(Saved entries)
- - -
Lemma dist_ltS_diameter x y : dist e x y < (diameter e).+1.
Proof. by rewrite ltnS dist_le_diameter. Qed.

Definition reach_dist m : {set 'I_(diameter e).+1} :=
  [set t : 'I_(diameter e).+1 | dist_fun false (reach m) t].

Lemma reach_distE m x y :
  reach m x y = (Ordinal (dist_ltS_diameter x y) \in reach_dist m).
Proof. by rewrite inE -(dist_funE false (reach_invariant m)). Qed.

Lemma reach_dist_card m : m <= diameter e -> m < #|reach_dist m|.
Proof.
have d_gt0 : 0 < diameter e by case/andP: i_range; apply: leq_trans.
elim: m => [_|m IH lt_md].
  have [x [_ _]] := dist_realized d_gt0 (leq0n _).
  by apply/card_gt0P; exists (Ordinal (dist_ltS_diameter x x)); rewrite -reach_distE /=.
have [eq_m|neq_m] := eqVneq (reach_dist m.+1) (reach_dist m).
  suff -> : reach_dist m.+1 = setT by rewrite cardsT card_ord ltnS.
  apply/setP => t; rewrite eq_m in_setT.
  have [x [y dxy]] := dist_realized d_gt0 (ltnSE (ltn_ord t)).
  have -> : t = Ordinal (dist_ltS_diameter x y) by apply: val_inj; rewrite /= dxy.
  by rewrite -reach_distE reach_stable_total // => u v; rewrite !reach_distE eq_m.
apply: leq_ltn_trans (IH (ltnW lt_md)) (proper_card _).
rewrite properEneq eq_sym neq_m; apply/subsetP => t; rewrite !inE /dist_fun.
by case: pickP => // p _ /= ->.
Qed.

Lemma reach_diameter x y : reach (diameter e) x y.
Proof.
have : reach_dist (diameter e) = setT.
  by apply/eqP; rewrite eqEcard subsetT cardsT card_ord reach_dist_card.
by rewrite reach_distE => ->; rewrite inE.
Qed.

End ReachInDistanceGraph.

Lemma dist_succ_nbr x y t : dist e x y = t.+1 -> exists2 x', e x x' & dist e x' y = t.
Proof.
rewrite dist_sym => /dist_pred [z dyz e_zx].
by exists z; rewrite 1?e_sym // dist_sym.
Qed.

Lemma b_leS t : t < diameter e -> b t.+1 <= b t.
Proof.
move=> lt_td; have [x [y dxy]] := dist_realized (leq_ltn_trans (leq0n t) lt_td) lt_td.
have [x' e_xx' dx'y] := dist_succ_nbr dxy.
have [_ _ card_b] := e_drg.2 x y; have [_ _ card_b'] := e_drg.2 x' y.
rewrite dxy in card_b; rewrite dx'y in card_b'; rewrite -card_b -card_b'.
apply: subset_leq_card; apply/subsetP => u; rewrite !inE.
case/andP => e_yu /eqP dxu; rewrite e_yu eqn_leq.
have := dist_edge x' e_yu; rewrite dx'y => -> /=.
by rewrite -ltnS -dxu dist_sym [dist e x' u]dist_sym dist_edge // e_sym.
Qed.

Lemma c_leS t : 0 < t -> t < diameter e -> c t <= c t.+1.
Proof.
move=> t_gt0 lt_td; have [x [y dxy]] := dist_realized (leq_ltn_trans (leq0n t) lt_td) lt_td.
have [x' e_xx' dx'y] := dist_succ_nbr dxy.
have [card_c _ _] := e_drg.2 x y; have [card_c' _ _] := e_drg.2 x' y.
rewrite dxy in card_c; rewrite dx'y in card_c'.
case: t t_gt0 lt_td dxy dx'y card_c card_c' => // t _ _ dxy dx'y /= <- <-.
apply: subset_leq_card; apply/subsetP => u; rewrite !inE.
case/andP => e_yu /eqP dx'u; rewrite e_yu /= eqn_leq.
apply/andP; split.
  by rewrite -dx'u dist_sym [dist e x' u]dist_sym dist_edge // e_sym.
by rewrite -ltnS -dxy dist_edge // e_sym.
Qed.

Lemma b_nonincreasing s t : s <= t -> t <= diameter e -> b t <= b s.
Proof.
move=> /subnKC <-; elim: (t - s) => [|k IH] le_d; first by rewrite addn0.
by rewrite addnS in le_d *; apply: leq_trans (b_leS le_d) (IH (ltnW le_d)).
Qed.

Lemma c_nondecreasing s t : 0 < s -> s <= t -> t <= diameter e -> c s <= c t.
Proof.
move=> s_gt0 /subnKC <-; elim: (t - s) => [|k IH] le_d; first by rewrite addn0.
rewrite addnS in le_d *; apply: leq_trans (IH (ltnW le_d)) (c_leS _ le_d).
exact: leq_trans s_gt0 (leq_addr _ _).
Qed.

Lemma nbr_dist_neq_ge x w j : j < diameter e ->
  minn (b j) (c j.+1) <= #|[set u | e w u & dist e x w != dist e x u]|.
Proof.
move=> lt_jd; have [card_c _ card_b] := e_drg.2 x w.
have [le_sj|lt_js] := leqP (dist e x w) j.
  apply: leq_trans (geq_minl _ _) _.
  apply: leq_trans (b_nonincreasing le_sj (ltnW lt_jd)) _; rewrite -card_b.
  apply: subset_leq_card; apply/subsetP => u; rewrite !inE.
  by case/andP => -> /eqP ->; rewrite neq_ltn ltnSn.
apply: leq_trans (geq_minr _ _) _.
apply: leq_trans (c_nondecreasing (ltn0Sn _) lt_js (dist_le_diameter x w)) _.
move: card_c lt_js; case: (dist e x w) => // s <- _.
apply: subset_leq_card; apply/subsetP => u; rewrite !inE.
by case/andP => -> /eqP ->; rewrite neq_ltn ltnSn orbT.
Qed.

Lemma Dist_edge_ge w w' j : e w w' -> j < diameter e ->
  #|T| * minn (b j) (c j.+1) <= b 0 * Dist e w w'.
Proof.
move=> e_ww' lt_jd.
have sum_nbr_Dist : \sum_(u | e w u) Dist e w u = b 0 * Dist e w w'.
  have [_ _ card_b] := e_drg.2 w w; rewrite distxx in card_b.
  rewrite -card_b -sum_indicator; apply: eq_big => // u e_wu.
  rewrite dist_eq1 e_wu mul1n; apply: Dist_invariant.
  by move: e_wu e_ww'; rewrite -!dist_eq1 => /eqP -> /eqP ->.
have double_count : \sum_(u | e w u) Dist e w u =
                    \sum_x #|[set u | e w u & dist e x w != dist e x u]|.
  rewrite /Dist; under eq_bigr do rewrite -sum1dep_card big_mkcond.
  rewrite exchange_big /=; apply: eq_bigr => x _.
  by rewrite -[RHS]muln1 -sum_indicator; apply: eq_bigr => u _; case: ifP.
rewrite -sum_nbr_Dist double_count -sum_nat_const; apply: leq_sum => x _.
exact: nbr_dist_neq_ge.
Qed.

Lemma exists_edge : 0 < diameter e -> exists w w', e w w'.
Proof.
move=> d_gt0; have [w [w' /eqP]] := dist_realized d_gt0 d_gt0.
by rewrite dist_eq1; exists w, w'.
Qed.

Lemma b0_gt0 : 0 < diameter e -> 0 < b 0.
Proof.
move=> /exists_edge [w [w' e_ww']]; have [_ _ card_b] := e_drg.2 w w.
rewrite distxx in card_b; rewrite -card_b; apply/card_gt0P; exists w'.
by rewrite inE e_ww' dist_eq1.
Qed.

Lemma Dist_ge j u v : primitive e -> j < diameter e -> u != v ->
  #|T| * minn (b j) (c j.+1) <= b 0 * diameter e * Dist e u v.
Proof.
move=> e_prim lt_jd neq_uv.
have [w [w' e_ww']] := exists_edge (leq_ltn_trans (leq0n j) lt_jd).
have duv_range : 1 <= dist e u v <= diameter e.
  by rewrite lt0n dist_eq0 neq_uv dist_le_diameter.
apply: leq_trans (Dist_edge_ge e_ww' lt_jd) _; rewrite -mulnA leq_mul2l.
by rewrite (Dist_reach erefl (reach_diameter e_prim duv_range w w')) orbT.
Qed.

End DistanceRegular.

Import Order.TTheory GRing.Theory Num.Theory.
Local Open Scope ring_scope.

Theorem proposition4p8 (R : realFieldType) (T : finType) (e : rel T)
    (a b c : nat -> nat) (alpha : R) (j : nat) :
  simple_graph e ->
  distance_regular e a b c ->
  primitive e ->
  (2 <= diameter e)%N ->
  0 < alpha ->
  (1 <= j <= (diameter e).-1)%N ->
  alpha * (b 0%N)%:R <= (b j)%:R ->
  alpha * (b 0%N)%:R <= (c j.+1)%:R ->
  alpha / (diameter e)%:R * #|T|%:R <= (Dmin e)%:R.
Proof.
move=> e_simple e_drg e_prim d_ge2 _ /andP [_ le_j] le_bj le_cj.
set d := diameter e; have lt_jd : (j < d)%N by rewrite /d; lia.
have d_gt0 : (0 < d)%N by apply: leq_ltn_trans lt_jd.
have k_gt0 : (0 < (b 0)%:R :> R) by rewrite ltr0n (b0_gt0 e_simple e_drg d_gt0).
have le_min : alpha * (b 0)%:R <= (minn (b j) (c j.+1))%:R by rewrite /minn; case: ifP.
have Dist_bound u v : u != v -> alpha / d%:R * #|T|%:R <= (Dist e u v)%:R.
  move=> neq_uv; have := Dist_ge e_simple e_drg e_prim lt_jd neq_uv.
  rewrite -(ler_nat R) !natrM => le_nat.
  rewrite mulrAC ler_pdivrMr ?ltr0n // -(ler_pM2l k_gt0).
  rewrite [X in X <= _](_ : _ = #|T|%:R * (alpha * (b 0)%:R)); last by ring.
  rewrite [X in _ <= X](_ : _ = (b 0)%:R * d%:R * (Dist e u v)%:R); last by ring.
  by apply: le_trans le_nat; rewrite ler_wpM2l ?ler0n.
have [w [w' e_ww']] := exists_edge e_simple e_drg d_gt0.
have neq_ww' : w != w' by apply: contraTneq e_ww' => ->; rewrite e_simple.2.
rewrite /Dmin; apply: (big_ind (fun m : nat => alpha / d%:R * #|T|%:R <= m%:R)).
- by apply: le_trans (Dist_bound w w' neq_ww') _; rewrite ler_nat max_card.
- by move=> m n le_m le_n; rewrite /minn; case: ifP.
- by move=> [u v] /= /Dist_bound.
Qed.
- - -
--- Assignment ---
Please, from the entries above, set down exactly the lines from the one containing "have [card_c _ _]" through the one containing "move=> /subnKC <-;", and only those.

--- Output ---
have [card_c _ _] := e_drg.2 x y; have [card_c' _ _] := e_drg.2 x' y.
rewrite dxy in card_c; rewrite dx'y in card_c'.
case: t t_gt0 lt_td dxy dx'y card_c card_c' => // t _ _ dxy dx'y /= <- <-.
apply: subset_leq_card; apply/subsetP => u; rewrite !inE.
case/andP => e_yu /eqP dx'u; rewrite e_yu /= eqn_leq.
apply/andP; split.
  by rewrite -dx'u dist_sym [dist e x' u]dist_sym dist_edge // e_sym.
by rewrite -ltnS -dxy dist_edge // e_sym.
Qed.

Lemma b_nonincreasing s t : s <= t -> t <= diameter e -> b t <= b s.
Proof.
move=> /subnKC <-; elim: (t - s) => [|k IH] le_d; first by rewrite addn0.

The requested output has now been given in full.